Die Bezeichnung Heiermann wird in manchen Gegenden Deutschlands umgangssprachlich für das 5-Mark-Stück, heute selten auch für den 5-Euro-Schein, verwendet. Das Wort entstand wohl Anfang des 20. Jahrhunderts im norddeutschen Sprachraum, breitete sich anekdotischen Angaben zufolge aber mindestens bis ins Rheinland aus.[1]

Vereinzelt (in Krefeld) soll zudem das 50-Pfennig-Stück als „Heiermännchen“ bezeichnet worden sein.[1]

Herkunft des Begriffs[Bearbeiten]

Über den Ursprung des Begriffes gibt es mehrere Vermutungen. Die etymologisch am besten abgesicherte Variante besagt, dass der Begriff aus dem hebräischen Buchstaben ה („He“, in jiddischer Aussprache „Hey“) entstanden sei. Im Hebräischen steht jeder Buchstabe bereits seit biblischen Zeiten auch für eine Zahl (z. B. 1, 2, 3 … 20, 30 usw.), wobei das ה („He“) als fünfter Buchstabe des Alphabets für „fünf“ steht.

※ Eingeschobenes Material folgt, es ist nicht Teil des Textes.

(* Entrywise, both B^2 and (|u><u| - |v><v|)^2 are combinations of the Gram entries. *)
Lemma sqrt_gram_square :
  Oeq d k (Omul d k sqrt_gram sqrt_gram)
    (Omul d k (Oadj (Osub (proj u) (proj v))) (Osub (proj u) (proj v))).
Proof.
  intros x y Hx Hy. unfold Omul, sqrt_gram, Oadd, Oscale, Oadj, Osub, proj, Csub.
  transitivity (Cadd (Cadd (Cmul (Cmul (RtoC (lam * lam)) (Cmul (u x) (Cconj (u y)))) (inner d k u u))
     (Cmul (Cmul (RtoC (lam * mu)) (Cmul (u x) (Cconj (w y)))) (inner d k u w)))
     (Cadd (Cmul (Cmul (RtoC (mu * lam)) (Cmul (w x) (Cconj (u y)))) (inner d k w u))
     (Cmul (Cmul (RtoC (mu * mu)) (Cmul (w x) (Cconj (w y)))) (inner d k w w)))).
  { unfold inner. rewrite <- !Csum_scal, <- !Csum_add. apply Csum_ext; intros z _. Ceq. }
  transitivity (Cadd (Cadd (Cmul (Cmul (u x) (Cconj (u y))) (inner d k u u))
     (Cmul (Copp (Cmul (u x) (Cconj (v y)))) (inner d k u v)))
     (Cadd (Cmul (Copp (Cmul (v x) (Cconj (u y)))) (inner d k v u))
     (Cmul (Cmul (v x) (Cconj (v y))) (inner d k v v)))).
  2: { unfold inner. rewrite <- !Csum_scal, <- !Csum_add. apply Csum_ext; intros z _. Ceq. }
  rewrite <- (inner_conj d k u v), Hu, Hv, inner_u_w, inner_w_u, inner_w_w. fold s.
  assert (Hlam : lam * lam = l) by (apply sqrt_sqrt, gap_nonneg).
  destruct gap_nonneg as [Hp|Hz].
  - replace (mu * mu) with (/ l) by (unfold mu, lam; rewrite <- Rinv_mult, sqrt_sqrt; lra).
    rewrite Hlam. unfold w, l, Cnorm2 in *. Cunf. simpl.
    apply injective_projections; simpl; field; lra.
  - (* w = 0, so v = s u *)
    assert (Hw0 : forall z, In z (words d k) -> w z = C0).
    { apply Rsum_Cnorm2_zero. pose proof norm2_w as H. unfold norm2 in H. lra. }
    assert (Hvs : forall z, In z (words d k) -> v z = Cmul s (u z)).
    { intros z Hzw. pose proof (Hw0 z Hzw) as H. unfold w in H. Cunf.
      destruct (v z), (u z), s. simpl in *. inversion H. apply injective_projections; simpl; lra. }
    rewrite (Hw0 x Hx), (Hw0 y Hy), (Hvs x Hx), (Hvs y Hy), Hlam. unfold l, Cnorm2 in *. Cunf. simpl.
    apply injective_projections; simpl; nra.
Qed.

Heinemann wurde nur mit Briefmarken bis zu 2 DM geehrt

Weitere verbreitete Herleitungen beziehen sich einerseits auf den Begriff Heuer: Um 1900 waren fünf Goldmark ein gängiger Betrag, den Seeleute als Handgeld erhielten. Andererseits soll – so wird aus dem Rotlichtmilieu kolportiert – in den frühen 1950er-Jahren die DM eine so hohe Kaufkraft gehabt haben, dass Seeleute auf der Hamburger Reeperbahn für fünf Mark in ein Bordell gehen konnten. Da „heia machen“ in manchen Dialekten „schlafen“ bedeutet, habe man das Fünfmarkstück „Heiermann“ (Heiamann) genannt; dazu passt allerdings nicht, dass der Ausdruck schon Anfang des 20. Jahrhunderts benutzt wurde.

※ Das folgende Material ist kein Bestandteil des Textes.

Definition KL (n : nat) (p q : nat -> R) : R :=
  rsum n (fun x => p x * ln (p x / q x)).

Definition mean (n : nat) (q v : nat -> R) : R := rsum n (fun x => q x * v x).

Definition C_set (n : nat) (p v : nat -> R) (delta : R) : R -> Prop :=
  fun m => exists q, in_Theta n q /\ KL n p q <= delta /\ m = mean n q v.

Definition is_C (n : nat) (p v : nat -> R) (delta m : R) : Prop :=
  is_lub (C_set n p v delta) m.

Definition is_max (n : nat) (v : nat -> R) (V : R) : Prop :=
  (forall x, (x < n)%nat -> v x <= V) /\ exists x, (x < n)%nat /\ v x = V.

Definition solves_system (n : nat) (p v : nat -> R) (delta V mu lam : R) : Prop :=
  rsum n (fun x => p x * ln (1 + (v x - mu) / lam)) = delta /\
  rsum n (fun x => p x * (lam / (lam + v x - mu))) = 1 /\
  mean n p v < mu /\ mu < V /\ lam < mu - V.

(* For [c > max v], tilting [p] by [1 / (c - v)] gives the distribution
   [q_c x = p x / (Z c * (c - v x))], where [Z c = sum_x p x / (c - v x)],
   and [KL(p, q_c) = ln (Z c) + sum_x p x ln (c - v x)].  This divergence tends
   to [+oo] as [c] decreases to [V] and to [0] as [c] grows, so by the
   intermediate value theorem some [q_c] has divergence exactly [delta]; its
   mean [mu = c - 1 / Z c] together with [lambda = - 1 / Z c] solves the system.
   Conversely, for any solution the weights [w x = 1 + (v x - mu) / lambda] are
   positive with [sum_x p x ln (w x) = delta], and Jensen's inequality for [ln]
   shows that every [q] with [KL(p, q) <= delta] has [sum_x q x w x >= 1], i.e.
   mean at most [mu]; the value [mu] is attained at [q x = p x / w x]. *)
From Stdlib Require Import Reals Lra Lia.
Open Scope R_scope.

Lemma rsum_ext n f g :
  (forall x, (x < n)%nat -> f x = g x) -> rsum n f = rsum n g.
Proof.
  induction n as [|n IH]; intros Hfg; simpl; [reflexivity|].
  rewrite IH, Hfg; auto.
Qed.

Lemma rsum_le n f g :
  (forall x, (x < n)%nat -> f x <= g x) -> rsum n f <= rsum n g.
Proof.
  induction n as [|n IH]; intros Hfg; simpl; [lra|].
  pose proof (IH (fun x Hx => Hfg x (Nat.lt_lt_succ_r _ _ Hx))).
  pose proof (Hfg n (Nat.lt_succ_diag_r n)). lra.
Qed.

Lemma rsum_plus n f g : rsum n (fun x => f x + g x) = rsum n f + rsum n g.
Proof. induction n as [|n IH]; simpl; [lra|]. rewrite IH; ring. Qed.

Lemma rsum_minus n f g : rsum n (fun x => f x - g x) = rsum n f - rsum n g.
Proof. induction n as [|n IH]; simpl; [lra|]. rewrite IH; ring. Qed.

Lemma rsum_scal n k f : rsum n (fun x => k * f x) = k * rsum n f.
Proof. induction n as [|n IH]; simpl; [lra|]. rewrite IH; ring. Qed.

Lemma rsum_nonneg n f : (forall x, (x < n)%nat -> 0 <= f x) -> 0 <= rsum n f.
Proof.
  induction n as [|n IH]; intros Hf; simpl; [lra|].
  pose proof (IH (fun x Hx => Hf x (Nat.lt_lt_succ_r _ _ Hx))).
  pose proof (Hf n (Nat.lt_succ_diag_r n)). lra.
Qed.

Lemma rsum_term_le n f k :
  (forall x, (x < n)%nat -> 0 <= f x) -> (k < n)%nat -> f k <= rsum n f.
Proof.
  induction n as [|n IH]; intros Hf Hk; [lia|]. simpl.
  pose proof (rsum_nonneg n f (fun x Hx => Hf x (Nat.lt_lt_succ_r _ _ Hx))).
  destruct (Nat.eq_dec k n) as [->|Hkn]; [lra|].
  pose proof (IH (fun x Hx => Hf x (Nat.lt_lt_succ_r _ _ Hx)) ltac:(lia)).
  pose proof (Hf n (Nat.lt_succ_diag_r n)). lra.
Qed.

Lemma rsum_pos n f k :
  (forall x, (x < n)%nat -> 0 <= f x) -> (k < n)%nat -> 0 < f k -> 0 < rsum n f.
Proof.
  intros Hf Hk Hfk. pose proof (rsum_term_le n f k Hf Hk). lra.
Qed.

Lemma continuity_pt_rsum n (f : nat -> R -> R) c :
  (forall x, (x < n)%nat -> continuity_pt (f x) c) ->
  continuity_pt (fun t => rsum n (fun x => f x t)) c.
Proof.
  induction n as [|n IH]; intros Hf; simpl.
  - apply continuity_pt_const. intros a b; reflexivity.
  - apply (continuity_pt_plus (fun t => rsum n (fun x => f x t)) (f n)).
    + apply IH; intros x Hx; apply Hf; lia.
    + apply Hf; lia.
Qed.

Vereinzelt finden sich auch Erklärungsversuche, die den Namen vom ehemaligen Bundespräsidenten Gustav Heinemann ableiten wollen, dessen Porträt das Fünfmarkstück einst gezeigt habe. Tatsächlich zeigte das Fünfmarkstück aber immer nur die Zahl „fünf“ und einen Adler; Politikerköpfe zierten stattdessen das Zweimarkstück. Noch dazu wurde Heinemann selbst nie auf einer deutschen (Geld-)Münze, sondern nur auf Briefmarken abgebildet. Obendrein wurde Heinemann erst 1969 Bundespräsident, wodurch sich nicht das viel frühere Auftreten des Ausdrucks „Heiermann“ erklären lässt.

Literatur[Bearbeiten]

  • Friedrich Kluge: Etymologisches Wörterbuch der deutschen Sprache. 24. Auflage. de Gruyter, Berlin 2002, Artikel: Heiermann. ISBN 3-11-017473-1.
  • Thorsten Weiland: Das Hundeshagener Kochum. Ein Rotwelsch-Dialekt von Wandermusikanten aus dem Eichsfeld. Quellen – Wörterbuch – Analyse. Schöningh, Paderborn 2003, ISBN 3-506-79706-9. Das Buch enthält S. 149f. einen Artikel zu Heiermann, in dem der Gebrauch des Wortes im Kochum und ganz allgemein seine Etymologie behandelt wird.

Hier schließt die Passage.